Exercise input below:

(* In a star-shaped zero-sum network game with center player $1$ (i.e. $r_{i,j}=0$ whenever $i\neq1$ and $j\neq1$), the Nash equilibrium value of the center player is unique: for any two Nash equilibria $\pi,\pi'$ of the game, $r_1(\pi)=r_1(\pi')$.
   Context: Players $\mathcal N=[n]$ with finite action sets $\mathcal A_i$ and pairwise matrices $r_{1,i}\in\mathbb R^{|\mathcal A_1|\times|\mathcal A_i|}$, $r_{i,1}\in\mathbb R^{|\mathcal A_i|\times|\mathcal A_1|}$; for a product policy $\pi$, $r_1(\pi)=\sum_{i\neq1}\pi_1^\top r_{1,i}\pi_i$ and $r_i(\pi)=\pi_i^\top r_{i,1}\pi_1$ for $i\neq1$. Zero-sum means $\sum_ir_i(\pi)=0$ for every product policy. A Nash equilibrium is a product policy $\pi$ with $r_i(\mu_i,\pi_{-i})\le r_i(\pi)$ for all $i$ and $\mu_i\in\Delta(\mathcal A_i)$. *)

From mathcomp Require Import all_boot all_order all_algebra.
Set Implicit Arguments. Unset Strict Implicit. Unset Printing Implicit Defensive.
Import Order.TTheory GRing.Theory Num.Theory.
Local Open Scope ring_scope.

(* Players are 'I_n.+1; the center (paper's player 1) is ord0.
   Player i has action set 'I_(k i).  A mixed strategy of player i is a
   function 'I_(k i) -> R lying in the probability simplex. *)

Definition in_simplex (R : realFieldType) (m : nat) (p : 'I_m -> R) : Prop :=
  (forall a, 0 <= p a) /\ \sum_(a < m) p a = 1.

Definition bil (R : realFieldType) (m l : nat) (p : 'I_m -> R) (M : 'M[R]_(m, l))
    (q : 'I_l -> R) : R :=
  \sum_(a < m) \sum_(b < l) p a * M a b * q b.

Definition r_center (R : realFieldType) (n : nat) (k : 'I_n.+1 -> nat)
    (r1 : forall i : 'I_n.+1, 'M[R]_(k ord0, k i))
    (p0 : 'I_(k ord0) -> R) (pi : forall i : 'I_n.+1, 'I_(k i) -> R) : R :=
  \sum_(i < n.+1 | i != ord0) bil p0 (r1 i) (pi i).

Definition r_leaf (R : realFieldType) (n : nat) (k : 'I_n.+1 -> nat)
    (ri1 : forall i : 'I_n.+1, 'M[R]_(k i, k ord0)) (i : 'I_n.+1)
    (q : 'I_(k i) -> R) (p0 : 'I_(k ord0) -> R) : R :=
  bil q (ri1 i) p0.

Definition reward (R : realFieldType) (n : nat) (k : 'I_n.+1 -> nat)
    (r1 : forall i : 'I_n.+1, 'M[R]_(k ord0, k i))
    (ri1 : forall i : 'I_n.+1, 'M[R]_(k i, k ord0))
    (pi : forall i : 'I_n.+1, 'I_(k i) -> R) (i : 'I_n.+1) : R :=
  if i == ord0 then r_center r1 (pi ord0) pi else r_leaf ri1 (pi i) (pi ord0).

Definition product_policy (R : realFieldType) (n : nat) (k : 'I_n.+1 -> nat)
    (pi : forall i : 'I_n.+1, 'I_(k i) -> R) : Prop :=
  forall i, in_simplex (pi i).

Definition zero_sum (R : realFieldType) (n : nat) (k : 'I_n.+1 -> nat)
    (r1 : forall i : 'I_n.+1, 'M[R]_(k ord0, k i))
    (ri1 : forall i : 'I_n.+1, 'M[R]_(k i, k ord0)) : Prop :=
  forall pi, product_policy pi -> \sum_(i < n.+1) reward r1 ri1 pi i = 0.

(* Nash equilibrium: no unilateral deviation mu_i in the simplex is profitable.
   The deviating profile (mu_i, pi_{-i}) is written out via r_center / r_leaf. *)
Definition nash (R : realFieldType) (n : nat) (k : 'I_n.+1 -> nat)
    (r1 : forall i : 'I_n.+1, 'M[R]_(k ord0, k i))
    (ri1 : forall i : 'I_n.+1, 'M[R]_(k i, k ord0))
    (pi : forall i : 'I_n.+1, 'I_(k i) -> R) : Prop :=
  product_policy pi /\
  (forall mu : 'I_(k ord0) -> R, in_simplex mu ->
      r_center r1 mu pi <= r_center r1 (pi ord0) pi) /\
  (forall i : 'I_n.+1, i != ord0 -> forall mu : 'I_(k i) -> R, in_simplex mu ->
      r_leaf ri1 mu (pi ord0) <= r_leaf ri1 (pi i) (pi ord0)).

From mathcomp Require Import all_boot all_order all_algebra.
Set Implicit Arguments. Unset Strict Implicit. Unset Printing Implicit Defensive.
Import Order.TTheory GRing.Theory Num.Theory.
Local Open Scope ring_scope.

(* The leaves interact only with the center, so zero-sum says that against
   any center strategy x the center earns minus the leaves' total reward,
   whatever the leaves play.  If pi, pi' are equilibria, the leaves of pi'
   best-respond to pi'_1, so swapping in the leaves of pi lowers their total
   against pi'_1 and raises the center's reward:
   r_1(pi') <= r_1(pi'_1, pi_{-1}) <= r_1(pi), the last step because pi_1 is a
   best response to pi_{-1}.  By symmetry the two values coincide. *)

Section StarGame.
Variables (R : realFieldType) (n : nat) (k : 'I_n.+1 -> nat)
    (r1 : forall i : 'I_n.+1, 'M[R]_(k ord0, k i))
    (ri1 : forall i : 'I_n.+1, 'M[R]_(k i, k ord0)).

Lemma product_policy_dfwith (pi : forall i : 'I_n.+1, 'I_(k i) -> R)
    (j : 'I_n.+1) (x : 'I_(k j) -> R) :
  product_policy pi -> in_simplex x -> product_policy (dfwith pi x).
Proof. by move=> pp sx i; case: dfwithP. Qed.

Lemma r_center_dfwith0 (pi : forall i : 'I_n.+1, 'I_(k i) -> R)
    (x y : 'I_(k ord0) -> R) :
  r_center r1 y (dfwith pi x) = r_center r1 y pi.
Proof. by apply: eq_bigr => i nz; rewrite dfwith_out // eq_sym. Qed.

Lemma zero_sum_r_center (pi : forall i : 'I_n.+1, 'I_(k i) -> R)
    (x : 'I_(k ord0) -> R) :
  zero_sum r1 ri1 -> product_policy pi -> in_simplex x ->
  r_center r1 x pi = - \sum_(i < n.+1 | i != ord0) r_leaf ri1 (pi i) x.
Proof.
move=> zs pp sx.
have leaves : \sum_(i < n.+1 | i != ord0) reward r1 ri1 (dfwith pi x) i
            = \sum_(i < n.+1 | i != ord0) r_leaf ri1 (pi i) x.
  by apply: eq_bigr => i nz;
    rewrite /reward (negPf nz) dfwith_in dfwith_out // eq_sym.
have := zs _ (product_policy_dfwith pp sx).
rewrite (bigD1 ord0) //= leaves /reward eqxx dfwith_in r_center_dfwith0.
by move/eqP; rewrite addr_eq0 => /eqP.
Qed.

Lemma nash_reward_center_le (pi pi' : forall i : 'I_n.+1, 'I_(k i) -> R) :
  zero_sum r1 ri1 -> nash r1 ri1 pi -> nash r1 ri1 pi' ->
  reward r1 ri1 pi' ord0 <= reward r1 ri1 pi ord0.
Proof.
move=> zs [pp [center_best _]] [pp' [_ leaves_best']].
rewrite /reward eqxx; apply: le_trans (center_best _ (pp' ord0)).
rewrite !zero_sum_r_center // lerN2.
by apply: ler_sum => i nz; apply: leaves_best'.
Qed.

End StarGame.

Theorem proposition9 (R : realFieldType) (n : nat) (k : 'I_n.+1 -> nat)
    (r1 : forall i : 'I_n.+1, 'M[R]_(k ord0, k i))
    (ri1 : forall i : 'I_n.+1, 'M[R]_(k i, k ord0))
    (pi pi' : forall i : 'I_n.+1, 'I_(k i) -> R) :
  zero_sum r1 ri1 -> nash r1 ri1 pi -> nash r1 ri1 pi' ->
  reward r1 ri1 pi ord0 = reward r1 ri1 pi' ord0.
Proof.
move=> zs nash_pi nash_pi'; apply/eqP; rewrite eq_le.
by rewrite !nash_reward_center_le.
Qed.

End of Exercise input.
Exercise input below:

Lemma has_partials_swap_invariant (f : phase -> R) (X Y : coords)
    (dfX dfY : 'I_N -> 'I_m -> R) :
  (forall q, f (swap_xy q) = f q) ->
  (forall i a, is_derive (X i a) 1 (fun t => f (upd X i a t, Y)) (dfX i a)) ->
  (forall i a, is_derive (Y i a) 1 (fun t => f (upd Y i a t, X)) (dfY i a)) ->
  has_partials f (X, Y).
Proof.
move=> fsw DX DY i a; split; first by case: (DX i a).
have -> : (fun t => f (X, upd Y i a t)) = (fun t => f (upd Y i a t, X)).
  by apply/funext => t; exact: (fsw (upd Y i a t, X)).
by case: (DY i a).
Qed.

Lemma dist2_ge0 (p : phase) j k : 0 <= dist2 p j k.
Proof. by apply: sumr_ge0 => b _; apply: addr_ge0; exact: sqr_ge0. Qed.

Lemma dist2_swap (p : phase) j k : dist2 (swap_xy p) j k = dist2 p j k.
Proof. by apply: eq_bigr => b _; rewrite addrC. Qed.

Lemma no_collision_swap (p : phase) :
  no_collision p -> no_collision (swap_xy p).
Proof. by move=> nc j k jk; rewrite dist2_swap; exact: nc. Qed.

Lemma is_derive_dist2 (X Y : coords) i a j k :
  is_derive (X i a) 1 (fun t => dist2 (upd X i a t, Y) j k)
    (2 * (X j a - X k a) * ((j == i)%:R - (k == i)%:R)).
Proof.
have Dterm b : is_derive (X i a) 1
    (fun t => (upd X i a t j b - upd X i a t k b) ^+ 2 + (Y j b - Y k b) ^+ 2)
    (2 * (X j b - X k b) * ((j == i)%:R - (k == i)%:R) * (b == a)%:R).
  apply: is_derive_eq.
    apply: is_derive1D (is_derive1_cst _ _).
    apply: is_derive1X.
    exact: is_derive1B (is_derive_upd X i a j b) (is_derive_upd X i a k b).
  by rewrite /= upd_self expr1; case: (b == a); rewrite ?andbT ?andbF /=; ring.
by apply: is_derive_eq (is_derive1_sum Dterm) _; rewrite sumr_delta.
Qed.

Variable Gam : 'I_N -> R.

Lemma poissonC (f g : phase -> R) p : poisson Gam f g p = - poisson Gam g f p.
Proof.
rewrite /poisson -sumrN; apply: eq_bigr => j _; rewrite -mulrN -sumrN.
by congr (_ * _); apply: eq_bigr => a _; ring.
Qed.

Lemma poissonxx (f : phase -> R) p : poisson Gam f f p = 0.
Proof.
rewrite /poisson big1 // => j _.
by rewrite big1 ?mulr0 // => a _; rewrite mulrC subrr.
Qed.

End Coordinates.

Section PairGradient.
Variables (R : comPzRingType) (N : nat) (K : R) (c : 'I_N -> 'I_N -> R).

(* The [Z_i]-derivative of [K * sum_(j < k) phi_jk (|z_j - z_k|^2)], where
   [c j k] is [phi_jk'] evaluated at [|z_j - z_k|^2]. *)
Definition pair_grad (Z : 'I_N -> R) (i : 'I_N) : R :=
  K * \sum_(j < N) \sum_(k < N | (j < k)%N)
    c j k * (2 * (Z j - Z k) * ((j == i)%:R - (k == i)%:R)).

End of Exercise input.

## Exercise
Looking at the records above, how many lines contain "phase"? Answer with the number alone.

## Final answer
6